All the war, conflict, and misery that has beset civilisation for centuries and longer may lead you to think human society is tragically defined by a constant clash of irreconcilable cultures.
Not so, according to a new study, which in fact found startling and optimistic evidence to the contrary: all cultures are actually bound by a common moral code of seven distinct shared rules and behaviours.
Based on a deep analysis of over 600 cultural records from 60 societies around the world – the largest sample ever in this field of study, the researchers say – there is empirically much more that unites us than divides us, in terms of moral values.
"Everyone everywhere shares a common moral code," says anthropologist Oliver Scott Curry from the University of Oxford.
"All agree that cooperating, promoting the common good, is the right thing to do."
Delving into a research database on cross-cultural variation called the Human Relations Area Files (HRAF, hosted by Yale University), Curry and fellow researchers sought to explore the theory that morality evolved in human cultures to promote cooperation.
To do so, they scanned for evidence of seven discrete moral behaviours across over 600,000 words of ethnographic accounts.
These cooperative behaviours and rules – the proposed universal moral code – are the following: helping family, helping your group, reciprocating, being brave, deferring to superiors (respect), dividing disputed resources (fairness), and respecting prior possession (property rights).
In their analysis, the team found that these seven rules were uniformly considered positive and morally good across the different cultures surveyed – never being construed as morally bad.
Also, the majority of these behaviours were observed in the majority of cultures, and with equal frequency across different regions of the world.
"We conclude that these seven cooperative behaviours are plausible candidates for universal moral rules," the authors write in their paper, "and that morality-as-cooperation could provide the unified theory of morality that anthropology has hitherto lacked."
Out of 962 observations of these principles, there was one rogue exception noted, among the Chuuk society of Micronesia: "to steal openly from others is admirable in that it shows a person's dominance and demonstrates that he is not intimidated by the aggressive powers of others", the researchers note – but found this hawkish trait to be a form of one of the cooperative values (bravery).

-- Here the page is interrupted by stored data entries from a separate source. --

(* For each $y\in\mathbb{Z}_p$, the map $S^y:C(\mathbb{Z}_p,\mathbb{C}_p)\to C(\mathbb{Z}_p,\mathbb{C}_p)$ is an isometric automorphism of the $\mathbb{C}_p$-Banach space $C(\mathbb{Z}_p,\mathbb{C}_p)$ (i.e. $\|S^y(\phi)\|=\|\phi\|$ for all $\phi$), with inverse $S^{-y}$.
   Context: Fix a prime $p$. $\mathbb{C}_p$ denotes the completion of an algebraic closure of $\mathbb{Q}_p$, with absolute value $|\cdot|$ normalized by $|p|=1/p$. $C(\mathbb{Z}_p,\mathbb{C}_p)$ is the $\mathbb{C}_p$-Banach space of continuous functions $\mathbb{Z}_p\to\mathbb{C}_p$ with the sup-norm $\|\cdot\|$. For $n\in\mathbb{Z}_{\ge0}$ and $x\in\mathbb{Z}_p$, $\binom{x}{n}=x(x-1)\cdots(x-n+1)/n!$. For $y\in\mathbb{Z}_p$ and $\phi\in C(\mathbb{Z}_p,\mathbb{C}_p)$ define $S^y(\phi)\in C(\mathbb{Z}_p,\mathbb{C}_p)$ by $S^y(\phi)(x)=\sum_{k\ge0}(-1)^k k!\binom yk\binom xk\phi(x-k)$ (the series converges uniformly in $(x,y)$). *)

From HB Require Import structures.
From mathcomp Require Import all_boot all_order all_algebra.
From mathcomp Require Import boolp classical_sets reals.
From Stdlib Require Import ClassicalEpsilon.
Set Implicit Arguments. Unset Strict Implicit. Unset Printing Implicit Defensive.
Import Order.TTheory GRing.Theory Num.Theory.
Local Open Scope ring_scope.
Local Open Scope classical_set_scope.

Section PadicDefs.
Variables (R : realType) (K : fieldType) (abs : K -> R).

Definition convK (u : nat -> K) (l : K) : Prop :=
  forall e : R, 0 < e -> exists N : nat, forall n, (N <= n)%N -> abs (u n - l) < e.

Definition cauchyK (u : nat -> K) : Prop :=
  forall e : R, 0 < e -> exists N : nat, forall m n, (N <= m)%N -> (N <= n)%N ->
    abs (u m - u n) < e.

Record padic_abs (p : nat) : Prop := PadicAbs {
  abs_ge0 : forall x, 0 <= abs x;
  abs_eq0 : forall x, abs x = 0 <-> x = 0;
  absM : forall x y, abs (x * y) = abs x * abs y;
  abs_ultra : forall x y, abs (x + y) <= Num.max (abs x) (abs y);
  abs_p : abs (p%:R) = (p%:R)^-1;
  abs_complete : forall u, cauchyK u -> exists l, convK u l }.

(* Z_p, realized inside K as the closure of the image of Z *)
Definition Zp_set : set K :=
  [set x | forall e : R, 0 < e -> exists z : int, abs (x - z%:~R) < e].

(* continuity on Z_p of a function (only its values on Z_p matter) *)
Definition cont_Zp (f : K -> K) : Prop :=
  forall x, Zp_set x -> forall e : R, 0 < e -> exists2 d : R, 0 < d &
    forall x', Zp_set x' -> abs (x' - x) < d -> abs (f x' - f x) < e.

Definition supnorm (f : K -> K) : R := sup [set abs (f x) | x in Zp_set].

Definition binomK (x : K) (k : nat) : K :=
  (\prod_(i < k) (x - i%:R)) / (k`!)%:R.

Definition S_term (y : K) (phi : K -> K) (x : K) (k : nat) : K :=
  (-1) ^+ k * (k`!)%:R * binomK y k * binomK x k * phi (x - k%:R).

Definition S_partial (y : K) (phi : K -> K) (x : K) (n : nat) : K :=
  \sum_(k < n) S_term y phi x k.

Definition S_op (y : K) (phi : K -> K) (x : K) : K :=
  epsilon (inhabits 0) (convK (S_partial y phi x)).

End PadicDefs.

From HB Require Import structures.
From mathcomp Require Import all_boot all_order all_algebra.
From mathcomp Require Import boolp classical_sets reals.
From mathcomp Require Import ring lra zify.
From Stdlib Require Import ClassicalEpsilon Classical.
Set Implicit Arguments. Unset Strict Implicit. Unset Printing Implicit Defensive.
Import Order.TTheory GRing.Theory Num.Theory.
Local Open Scope ring_scope.

(* The coefficient (-1)^k k! binom(y,k) binom(x,k) of the series has absolute value at most
   |k!|, and |k!| -> 0 because |(pm)!| <= |p|^m.  Since a continuous phi is bounded on the compact
   Z_p, the series converges uniformly, so S^y phi is continuous and ||S^y phi|| <= ||phi||.
   Expanding S^-y (S^y phi) as a double series, the n-th diagonal is a common factor times
   sum_k binom(-y,k) binom(y,n-k) = binom(0,n) by Vandermonde's identity, so only phi survives;
   thus S^-y is inverse to S^y, which also gives ||phi|| <= ||S^y phi||. *)

Section Padic.
Variables (p : nat) (R : realType) (K : fieldType) (abs : K -> R).
Hypothesis Hp : prime p.
Hypothesis Ha : padic_abs abs p.
Implicit Types (x y z : K) (phi psi : K -> K) (M e : R).

Let abs_nneg := abs_ge0 Ha.
Let abs_mul := absM Ha.
Local Hint Resolve abs_nneg : core.

Lemma abs0 : abs 0 = 0.
Proof. exact/(abs_eq0 Ha). Qed.

Lemma abs_gt0 x : x != 0 -> 0 < abs x.
Proof. by move=> /eqP nx; rewrite lt_def abs_nneg andbT; apply/eqP => /(abs_eq0 Ha). Qed.

Lemma abs1 : abs 1 = 1.
Proof.
have := abs_mul 1 1; rewrite mulr1 => h.
by apply: (mulIf (lt0r_neq0 (abs_gt0 (oner_neq0 K)))); rewrite mul1r.
Qed.

Lemma absN x : abs (- x) = abs x.
Proof.
have hN1 : abs (-1) = 1.
  have := abs_mul (-1) (-1); rewrite mulrNN mulr1 abs1 => h.
  by have := abs_nneg (-1); nra.
by rewrite -mulN1r abs_mul hN1 mul1r.
Qed.

Lemma abs_distC x y : abs (x - y) = abs (y - x).
Proof. by rewrite -absN opprB. Qed.

Lemma abs_add_le x y e : abs x <= e -> abs y <= e -> abs (x + y) <= e.
Proof. by move=> hx hy; apply: le_trans (abs_ultra Ha x y) _; rewrite ge_max hx hy. Qed.

Lemma abs_add_lt x y e : abs x < e -> abs y < e -> abs (x + y) < e.
Proof. by move=> hx hy; apply: le_lt_trans (abs_ultra Ha x y) _; rewrite gt_max hx hy. Qed.

Lemma abs_dist_le x y z e : abs (x - y) <= e -> abs (y - z) <= e -> abs (x - z) <= e.
Proof. by move=> h1 h2; rewrite -[x - z](subrKA y); apply: abs_add_le. Qed.

Lemma abs_dist_lt x y z e : abs (x - y) < e -> abs (y - z) < e -> abs (x - z) < e.
Proof. by move=> h1 h2; rewrite -[x - z](subrKA y); apply: abs_add_lt. Qed.

Lemma abs_sum_le (I : Type) (r : seq I) (P : pred I) (F : I -> K) e :
  0 <= e -> (forall i, P i -> abs (F i) <= e) -> abs (\sum_(i <- r | P i) F i) <= e.
Proof.
move=> e0 h; apply: (big_ind (fun u => abs u <= e)) => //; first by rewrite abs0.
by move=> u v; exact: abs_add_le.
Qed.

Lemma abs_sum_lt (I : Type) (r : seq I) (P : pred I) (F : I -> K) e :
  0 < e -> (forall i, P i -> abs (F i) < e) -> abs (\sum_(i <- r | P i) F i) < e.
Proof.
move=> e0 h; apply: (big_ind (fun u => abs u < e)) => //; first by rewrite abs0.
by move=> u v; exact: abs_add_lt.
Qed.

Lemma absX x n : abs (x ^+ n) = abs x ^+ n.
Proof. by elim: n => [|n IH]; rewrite ?abs1 // !exprS abs_mul IH. Qed.

Lemma absV x : abs x^-1 = (abs x)^-1.
Proof.
have [->|nx] := eqVneq x 0; first by rewrite invr0 abs0 invr0.
apply: (mulfI (lt0r_neq0 (abs_gt0 nx))).
by rewrite -abs_mul !mulfV ?abs1 // lt0r_neq0 // abs_gt0.
Qed.

Lemma abs_natr_le1 n : abs n%:R <= 1.
Proof.
elim: n => [|n IH]; first by rewrite abs0.
by rewrite -addn1 natrD; apply: abs_add_le; rewrite ?abs1.
Qed.

Lemma abs_intr_le1 (z : int) : abs z%:~R <= 1.
Proof. by case: z => n; rewrite ?NegzE ?mulrNz ?absN abs_natr_le1. Qed.

Lemma abs_mul_le1 x y : abs x <= 1 -> abs (x * y) <= abs y.
Proof. by move=> hx; rewrite abs_mul ler_piMl. Qed.

Lemma absp_lt1 : abs p%:R < 1.
Proof. by rewrite (abs_p Ha) invf_lt1 ?ltr1n ?ltr0n ?prime_gt1 ?prime_gt0. Qed.

Lemma natr_neq0 n : (0 < n)%N -> n%:R != 0 :> K.
Proof.
move=> n0; apply/negP => /(natf0_pchar n0) [q hq].
have [qpr q0] := (pcharf_prime hq, pcharf0 hq).
have [eqp | neqp] := eqVneq q p.
  have := abs_p Ha; rewrite -eqp q0 abs0 => /esym/eqP.
  by rewrite invr_eq0 pnatr_eq0 gtn_eqF ?prime_gt0.
have /eqP cop : coprime q p by rewrite prime_coprime // dvdn_prime2.
have [a _] := Bezoutl p (prime_gt0 qpr); rewrite cop => /dvdnP [b hb].
have e1 : 1 = (b * q)%:R - a%:R * p%:R :> K by rewrite -hb natrD natrM; ring.
have : abs 1 < 1.
  rewrite {1}e1 natrM q0 mulr0 sub0r absN abs_mul.
  by apply: le_lt_trans absp_lt1; rewrite ler_piMl ?abs_natr_le1.
by rewrite abs1 ltxx.
Qed.

Lemma absp_gt0 : 0 < abs p%:R.
Proof. exact/abs_gt0/natr_neq0/prime_gt0. Qed.

Lemma abs_fact_gt0 k : 0 < abs k`!%:R.
Proof. exact/abs_gt0/natr_neq0/fact_gt0. Qed.

Lemma abs_fact_le m n : (m <= n)%N -> abs n`!%:R <= abs m`!%:R.
Proof.
move=> /subnK <-; elim: (n - m)%N => [|k IH] //.
by rewrite addSn factS natrM; apply: le_trans IH; apply: abs_mul_le1; apply: abs_natr_le1.
Qed.

Lemma abs_fact_pmul m : abs (p * m)`!%:R <= abs p%:R ^+ m.
Proof.
elim: m => [|m IH]; first by rewrite muln0 abs1.
have hle : (p <= p * m.+1)%N by rewrite leq_pmulr.
have hp : abs p`!%:R <= abs p%:R.
  by rewrite -(prednK (prime_gt0 Hp)) factS natrM abs_mul ler_piMr ?abs_natr_le1.
rewrite -(bin_fact hle) mulnS addKn !natrM exprS.
apply: le_trans (abs_mul_le1 _ (abs_natr_le1 _)) _.
by rewrite abs_mul; apply: ler_pM.
Qed.

Lemma absp_expn_lt e : 0 < e -> exists m, abs p%:R ^+ m < e.
Proof.
move=> e0; exists (Num.bound e^-1); set m := Num.bound _.
have hb : e^-1 < m%:R by apply: archi_boundP; rewrite invr_ge0 ltW.
have hpm : (m < p ^ m)%N by apply: ltn_expl; exact: prime_gt1.
rewrite (abs_p Ha) exprVn -natrX -[e]invrK ltf_pV2 ?posrE ?invr_gt0 ?ltr0n ?expn_gt0 ?prime_gt0 //.
by apply: (lt_trans hb); rewrite ltr_nat.
Qed.

Lemma abs_fact_small M e : 0 <= M -> 0 < e ->
  exists N, forall k, (N <= k)%N -> abs k`!%:R * M < e.
Proof.
move=> M0 e0; have [m hm] := absp_expn_lt (divr_gt0 e0 (ltr_wpDl M0 ltr01)).
exists (p * m)%N => k hk.
have hk' : abs k`!%:R < e / (M + 1).
  exact: le_lt_trans (abs_fact_le hk) (le_lt_trans (abs_fact_pmul m) hm).
move: hk'; rewrite ltr_pdivlMr ?ltr_wpDl //.
by have := abs_nneg k`!%:R; nra.
Qed.

Local Notation Zp := (Zp_set abs).

Lemma Zp_int (z : int) : Zp z%:~R.
Proof. by move=> e e0; exists z; rewrite subrr abs0. Qed.

Lemma Zp_nat n : Zp n%:R.
Proof. exact: (Zp_int n). Qed.

Lemma Zp_le1 x : Zp x -> abs x <= 1.
Proof.
move=> /(_ 1 ltr01) [z hz]; rewrite -[x](subrK z%:~R).
by apply: abs_add_le; [exact: ltW | exact: abs_intr_le1].
Qed.

Lemma ZpD x y : Zp x -> Zp y -> Zp (x + y).
Proof.
move=> hx hy e e0; have [[z1 h1] [z2 h2]] := (hx e e0, hy e e0).
by exists (z1 + z2); rewrite intrD opprD addrACA; apply: abs_add_lt.
Qed.

Lemma ZpN x : Zp x -> Zp (- x).
Proof.
by move=> hx e e0; have [z h] := hx e e0; exists (- z); rewrite intrN -opprD absN.
Qed.

Lemma ZpB x y : Zp x -> Zp y -> Zp (x - y).
Proof. by move=> hx hy; apply/ZpD/ZpN. Qed.

Lemma Zp_convK (u : nat -> K) l : (forall n, Zp (u n)) -> convK abs u l -> Zp l.
Proof.
move=> hu hc e e0; have [N hN] := hc e e0; have [z hz] := hu N e e0.
by exists z; apply: (abs_dist_lt _ hz); rewrite abs_distC hN.
Qed.

(* Approximate x by an integer and reduce it modulo p^n. *)
Lemma Zp_approx x n : Zp x ->
  exists2 a : nat, (a < p ^ n)%N & abs (x - a%:R) <= abs p%:R ^+ n.
Proof.
move=> hx; have [z hz] := hx _ (exprn_gt0 n absp_gt0).
set P : int := (p ^ n)%N; have P0 : 0 < P by rewrite ltz_nat expn_gt0 prime_gt0.
have hr : `|(z %% P)%Z|%N = (z %% P)%Z :> int by rewrite gez0_abs ?modz_ge0 ?lt0r_neq0.
exists `|(z %% P)%Z|%N; first by rewrite -ltz_nat hr ltz_pmod.
have -> : x - `|(z %% P)%Z|%N%:R = (x - z%:~R) + (z %/ P)%Z%:~R * p%:R ^+ n.
  have ez : z%:~R = (z %/ P)%Z%:~R * P%:~R + (`|(z %% P)%Z|%N : int)%:~R :> K.
    by rewrite hr -intrM -intrD -divz_eq.
  by rewrite ez -natrX; ring.
apply: abs_add_le; first exact: ltW.
by rewrite -absX; apply: abs_mul_le1; apply: abs_intr_le1.
Qed.

Definition ffactK x k : K := \prod_(i < k) (x - i%:R).

Lemma binomKE x k : binomK x k = ffactK x k / k`!%:R.
Proof. by []. Qed.

Lemma ffactKS x k : ffactK x k.+1 = ffactK x k * (x - k%:R).
Proof. exact: big_ord_recr. Qed.

Lemma ffactKD x k j : ffactK x (k + j) = ffactK x k * ffactK (x - k%:R) j.
Proof.
elim: j => [|j IH]; first by rewrite addn0 /ffactK big_ord0 mulr1.
by rewrite addnS !ffactKS IH natrD; ring.
Qed.

Lemma ffactK_nat a k : ffactK a%:R k = (a ^_ k)%:R.
Proof.
elim: k => [|k IH]; first by rewrite /ffactK big_ord0 ffactn0.
rewrite ffactKS IH ffactnSr natrM; case: (leqP k a) => hk; first by rewrite natrB.
by rewrite ffact_small // !mul0r.
Qed.

Lemma fact_binomK x k : k`!%:R * binomK x k = ffactK x k.
Proof. by rewrite binomKE mulrC divfK ?natr_neq0 ?fact_gt0. Qed.

Lemma binomK_nat a k : binomK (a%:R : K) k = 'C(a, k)%:R.
Proof.
apply: (mulfI (natr_neq0 (fact_gt0 k))).
by rewrite fact_binomK ffactK_nat -natrM mulnC -bin_ffact.
Qed.

Lemma abs_ffactK_le1 x k : abs x <= 1 -> abs (ffactK x k) <= 1.
Proof.
move=> hx; elim: k => [|k IH]; first by rewrite /ffactK big_ord0 abs1.
rewrite ffactKS abs_mul mulr_ile1 //.
by apply: abs_add_le; rewrite ?absN ?abs_natr_le1.
Qed.

Lemma abs_ffactKB x z k : abs x <= 1 -> abs z <= 1 ->
  abs (ffactK x k - ffactK z k) <= abs (x - z).
Proof.
move=> hx hz; elim: k => [|k IH]; first by rewrite /ffactK !big_ord0 subrr abs0.
have -> : ffactK x k.+1 - ffactK z k.+1 =
    (ffactK x k - ffactK z k) * (x - k%:R) + ffactK z k * (x - z).
  by rewrite !ffactKS; ring.
apply: abs_add_le; last exact: abs_mul_le1 (abs_ffactK_le1 _ hz).
rewrite abs_mul; apply: le_trans IH; apply: ler_piMr => //.
by apply: abs_add_le; rewrite ?absN ?abs_natr_le1.
Qed.

Lemma abs_binomKB x z k : abs x <= 1 -> abs z <= 1 ->
  abs (binomK x k - binomK z k) <= abs (x - z) / abs k`!%:R.
Proof.
move=> hx hz; rewrite !binomKE -mulrBl abs_mul absV.
by rewrite ler_wpM2r ?invr_ge0 ?abs_ffactKB.
Qed.

Lemma abs_binomK_le1 x k : Zp x -> abs (binomK x k) <= 1.
Proof.
move=> hx; have [n hn] := absp_expn_lt (abs_fact_gt0 k).
have [a _ ha] := Zp_approx n hx.
rewrite -[binomK x k](subrK (binomK a%:R k)).
apply: abs_add_le; last by rewrite binomK_nat abs_natr_le1.
apply: le_trans (abs_binomKB k (Zp_le1 hx) (Zp_le1 (Zp_nat a))) _.
by rewrite ler_pdivrMr ?abs_fact_gt0 // mul1r (le_trans ha) ?ltW.
Qed.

That aside, the universal code also means that conduct in opposition to the cooperative behaviours is considered as morally bad: neglecting kin, betraying your group, free-riding (not reciprocating), cowardice, disrespect, unfairness, and theft.
Not every society ranks or prioritises these social norms in the same way, but the fact that they are uniquely considered positive and observed in so many different societies goes a long way to supporting what is known in ethics as moral universalism, at the expense of the contrasting view, moral relativism.
"The debate between moral universalists and moral relativists has raged for centuries, but now we have some answers," Curry says.
"People everywhere face a similar set of social problems, and use a similar set of moral rules to solve them."
In a sometimes scary and divisive world, it's a useful, uplifting thing to keep in mind – a strong reminder of what we have in common, not what we don't.
The findings are reported in Current Anthropology.